#### Exercise material ####

(* Let $(M,d)$ be a bounded metric space with uniform relative normal structure such that $\mathcal A(M)$ is compact, and let $T:M\to M$ be orbit-nonexpansive. Then $T$ has a fixed point.
   Context: For a metric space $(M,d)$, a mapping $T:M\to M$ and $x\in M$, the orbit of $x$ is $o_T(x)=\{x\}\cup\{T^nx:n\in\mathbb N\}$. For $x\in M$ and bounded $A\subseteq M$, $D(x,A)=\sup\{d(x,a):a\in A\}$ and $\delta(A)=\sup\{d(x,y):x,y\in A\}$. $T$ is orbit-nonexpansive if $d(Tx,Ty)\le D(x,o_T(y))$ for all $x,y\in M$. A subset of $M$ is admissible if it is an intersection of closed balls of $M$; $\mathcal A(M)$ denotes the family of admissible sets. $\mathcal A(M)$ is compact if every subfamily of $\mathcal A(M)$ all of whose finite intersections are nonempty has nonempty intersection. $(M,d)$ has uniform relative normal structure (URNS) if there is $c\in(0,1)$ such that for every admissible $A$ with $\delta(A)>0$: (i) there exists $z_A\in M$ with $D(z_A,A)\le c\,\delta(A)$; and (ii) every $x\in M$ with $D(x,A)\le c\,\delta(A)$ satisfies $d(x,z_A)\le c\,\delta(A)$. *)

From mathcomp Require Import all_boot all_order all_algebra.
From mathcomp Require Import all_classical all_reals.
Set Implicit Arguments. Unset Strict Implicit. Unset Printing Implicit Defensive.
Import Order.TTheory GRing.Theory Num.Theory.
Local Open Scope classical_set_scope.
Local Open Scope ring_scope.

Section Defs.
Variables (R : realType) (M : Type) (d : M -> M -> R).

Definition is_metric : Prop :=
  [/\ forall x y, d x y = 0 <-> x = y,
      forall x y, d x y = d y x &
      forall x y z, d x z <= d x y + d y z].

Definition metric_bounded : Prop := exists B : R, forall x y, d x y <= B.

Definition orbit (T : M -> M) (x : M) : set M :=
  [set x] `|` [set iter n T x | n in [set: nat]].

Definition Dist (x : M) (A : set M) : R := sup [set d x a | a in A].

Definition diam (A : set M) : R := sup [set d x y | x in A & y in A].

Definition orbit_nonexpansive (T : M -> M) : Prop :=
  forall x y, d (T x) (T y) <= Dist x (orbit T y).

Definition closed_ball (a : M) (r : R) : set M := [set x | d a x <= r].

Definition admissible (A : set M) : Prop :=
  exists F : set (M * R), (forall p, F p -> 0 <= p.2) /\
    A = \bigcap_(p in F) closed_ball p.1 p.2.

Definition admissible_compact : Prop :=
  forall F : set (set M), (forall A, F A -> admissible A) ->
    (forall G : set (set M), G `<=` F -> finite_set G -> G !=set0 ->
       (\bigcap_(A in G) A) !=set0) ->
    (\bigcap_(A in F) A) !=set0.

Definition URNS : Prop :=
  exists c : R, 0 < c < 1 /\
    forall A : set M, admissible A -> 0 < diam A ->
      exists zA : M, Dist zA A <= c * diam A /\
        forall x : M, Dist x A <= c * diam A -> d x zA <= c * diam A.

End Defs.

(* Call an admissible set A stable if it is nonempty, T-invariant,
   and every closed ball B(x,s) containing A yields a ball B(Tx,s) containing
   A. By Zorn's lemma and compactness every nonempty invariant admissible set
   contains a minimal one, and a minimal one is stable because it equals the
   admissible hull of its image. The key step: for stable A with URNS centre
   z_A, the points within c.δ(A) of A and of every stable subset of that
   region form an invariant admissible set containing z_A; a stable subset B
   of it lies within c.δ(A) of A and has δ(B) <= c.δ(A). Iterating gives
   stable sets A_n whose mutual distances are geometric, compactness gives a
   point x within c^(n+1).δ(A_0)/(1-c) of every A_n, and orbit-nonexpansivity
   bounds d(x,Tx) by a geometric sequence, so Tx = x. *)

From Pilot Require Import Defs.
From mathcomp Require Import all_boot all_order all_algebra.
From mathcomp Require Import all_classical all_reals.
From mathcomp Require Import lra.
From mathcomp Require finmap.
Set Implicit Arguments. Unset Strict Implicit. Unset Printing Implicit Defensive.
Import Order.TTheory GRing.Theory Num.Theory.
Local Open Scope classical_set_scope.
Local Open Scope ring_scope.

Section Geometric.
Variable R : archiRealFieldType.

Lemma bernoulli_ineq (h : R) n : 0 <= h -> 1 + n%:R * h <= (1 + h) ^+ n.
Proof.
move=> h0; elim: n => [|n IH]; first by rewrite mul0r addr0 expr0.
have n0 : 0 <= n%:R :> R by [].
rewrite exprS -natr1; nra.
Qed.

Lemma geometric_null (c t L : R) : 0 < c < 1 ->
  (forall n, t <= c ^+ n * L) -> t <= 0.
Proof.
move=> /andP[c0 c1] H; rewrite leNgt; apply/negP => t0.
have L0 : 0 < L by have := H 0%N; rewrite expr0 mul1r => h; lra.
pose h := c^-1 - 1.
have hc : c * (1 + h) = 1 by rewrite /h addrC subrK mulfV // gt_eqF.
have h0 : 0 < h by rewrite /h subr_gt0 invf_gt1.
have ht : 0 < h * t by apply: mulr_gt0.
pose N := Num.bound (L / (h * t)).
have hN : L / (h * t) < N%:R.
  by apply: archi_boundP; apply: divr_ge0; apply: ltW.
have eL : L = (L / (h * t)) * (h * t) by rewrite divfK // gt_eqF.
have hB := bernoulli_ineq N (ltW h0).
have hQ : c ^+ N * (1 + h) ^+ N = 1 by rewrite -exprMn hc expr1n.
have hQ0 : 0 <= (1 + h) ^+ N by apply: exprn_ge0; lra.
have HN := H N.
have N0 : 0 <= N%:R :> R by [].
have : L < N%:R * h * t by nra.
have : t * (1 + h) ^+ N <= L by nra.
nra.
Qed.

End Geometric.

Section FiniteChain.
Variable M : Type.

Lemma seq_chain_min (s : seq (set M)) : s != [::] ->
  (forall A B, A \in s -> B \in s -> A `<=` B \/ B `<=` A) ->
  exists2 m, m \in s & forall B, B \in s -> m `<=` B.
Proof.
elim: s => [//|a s IH] _ tot.
have [->|sn] := eqVneq s [::].
  by exists a; rewrite ?inE ?eqxx // => B; rewrite inE => /eqP ->.
have [|m ms hm] := IH sn.
  by move=> A B As Bs; apply: tot; rewrite inE ?As ?Bs orbT.
have mas : m \in a :: s by rewrite inE ms orbT.
have [am|ma] := tot a m (mem_head _ _) mas.
  exists a; first exact: mem_head.
  by move=> B; rewrite inE => /orP[/eqP ->//|/hm]; apply: subset_trans am.
exists m => //.
by move=> B; rewrite inE => /orP[/eqP ->//|/hm].
Qed.

Lemma finite_chain_min (G : set (set M)) : finite_set G -> G !=set0 ->
  total_on G subset -> exists2 m, G m & forall B, G B -> m `<=` B.
Proof.
move=> /finite_fsetP[X ->] [A0 GA0] tot.
have [||m ms hm] := @seq_chain_min (finmap.enum_fset X).
- have h : A0 \in finmap.enum_fset X by [].
  by apply/eqP => e; rewrite e in h.
- by move=> A B As Bs; apply: tot.
by exists m.
Qed.

End FiniteChain.

Section FixedPoint.
Variables (R : realType) (M : Type) (d : M -> M -> R).
Hypothesis hmet : is_metric d.

Lemma dist_self x : d x x = 0.
Proof. by case: hmet => h _ _; apply/h. Qed.

Lemma dist_sym x y : d x y = d y x.
Proof. by case: hmet. Qed.

Lemma dist_triangle x y z : d x z <= d x y + d y z.
Proof. by case: hmet. Qed.

Lemma dist_ge0 x y : 0 <= d x y.
Proof. by have := dist_triangle x y x; rewrite dist_self (dist_sym y x); lra. Qed.

Lemma dist_le0_eq x y : d x y <= 0 -> x = y.
Proof. by move=> h; case: hmet => H _ _; apply/H; have := dist_ge0 x y; lra. Qed.

(* [Dist] and [diam] are suprema: upper bounds of the defining sets bound
   them from above even when the set is empty. *)
Lemma Dist_le x A r : 0 <= r -> (forall a, A a -> d x a <= r) -> Dist d x A <= r.
Proof.
move=> r0 h; have [[a Aa]|A0] := pselect (A !=set0).
  by apply: ge_sup; [exists (d x a), a|move=> _ [b Ab <-]; exact: h].
rewrite /Dist (_ : [set d x a | a in A] = set0) ?sup0 //.
by apply/seteqP; split => // t [b Ab _]; apply: A0; exists b.
Qed.

Lemma diam_le A r : 0 <= r -> (forall x y, A x -> A y -> d x y <= r) -> diam d A <= r.
Proof.
move=> r0 h; have [[a Aa]|A0] := pselect (A !=set0).
  apply: ge_sup; first by exists (d a a), a => //; exists a.
  by move=> _ [x Ax [y Ay <-]]; exact: h.
rewrite /diam (_ : [set d x y | x in A & y in A] = set0) ?sup0 //.
by apply/seteqP; split => // t [x Ax _]; apply: A0; exists x.
Qed.

(* In a bounded space the defining sets are bounded, so every element is
   below the supremum. *)
Hypothesis hbd : metric_bounded d.

Lemma le_Dist x A a : A a -> d x a <= Dist d x A.
Proof.
move=> Aa; case: hbd => B hB; apply: sup_upper_bound; last by exists a.
split; first by exists (d x a), a.
by exists B => _ [b _ <-]; exact: hB.
Qed.

Lemma le_diam A x y : A x -> A y -> d x y <= diam d A.
Proof.
move=> Ax Ay; case: hbd => B hB.
apply: sup_upper_bound; last by exists x => //; exists y.
split; first by exists (d x y), x => //; exists y.
by exists B => _ [a _ [b _ <-]]; exact: hB.
Qed.

Lemma diam_ge0 A : A !=set0 -> 0 <= diam d A.
Proof. by case=> a Aa; rewrite -(dist_self a); exact: le_diam. Qed.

####

Assignment
If a line of the records above contains the word "elim", count it; then give the total and nothing more.

Result of the task
2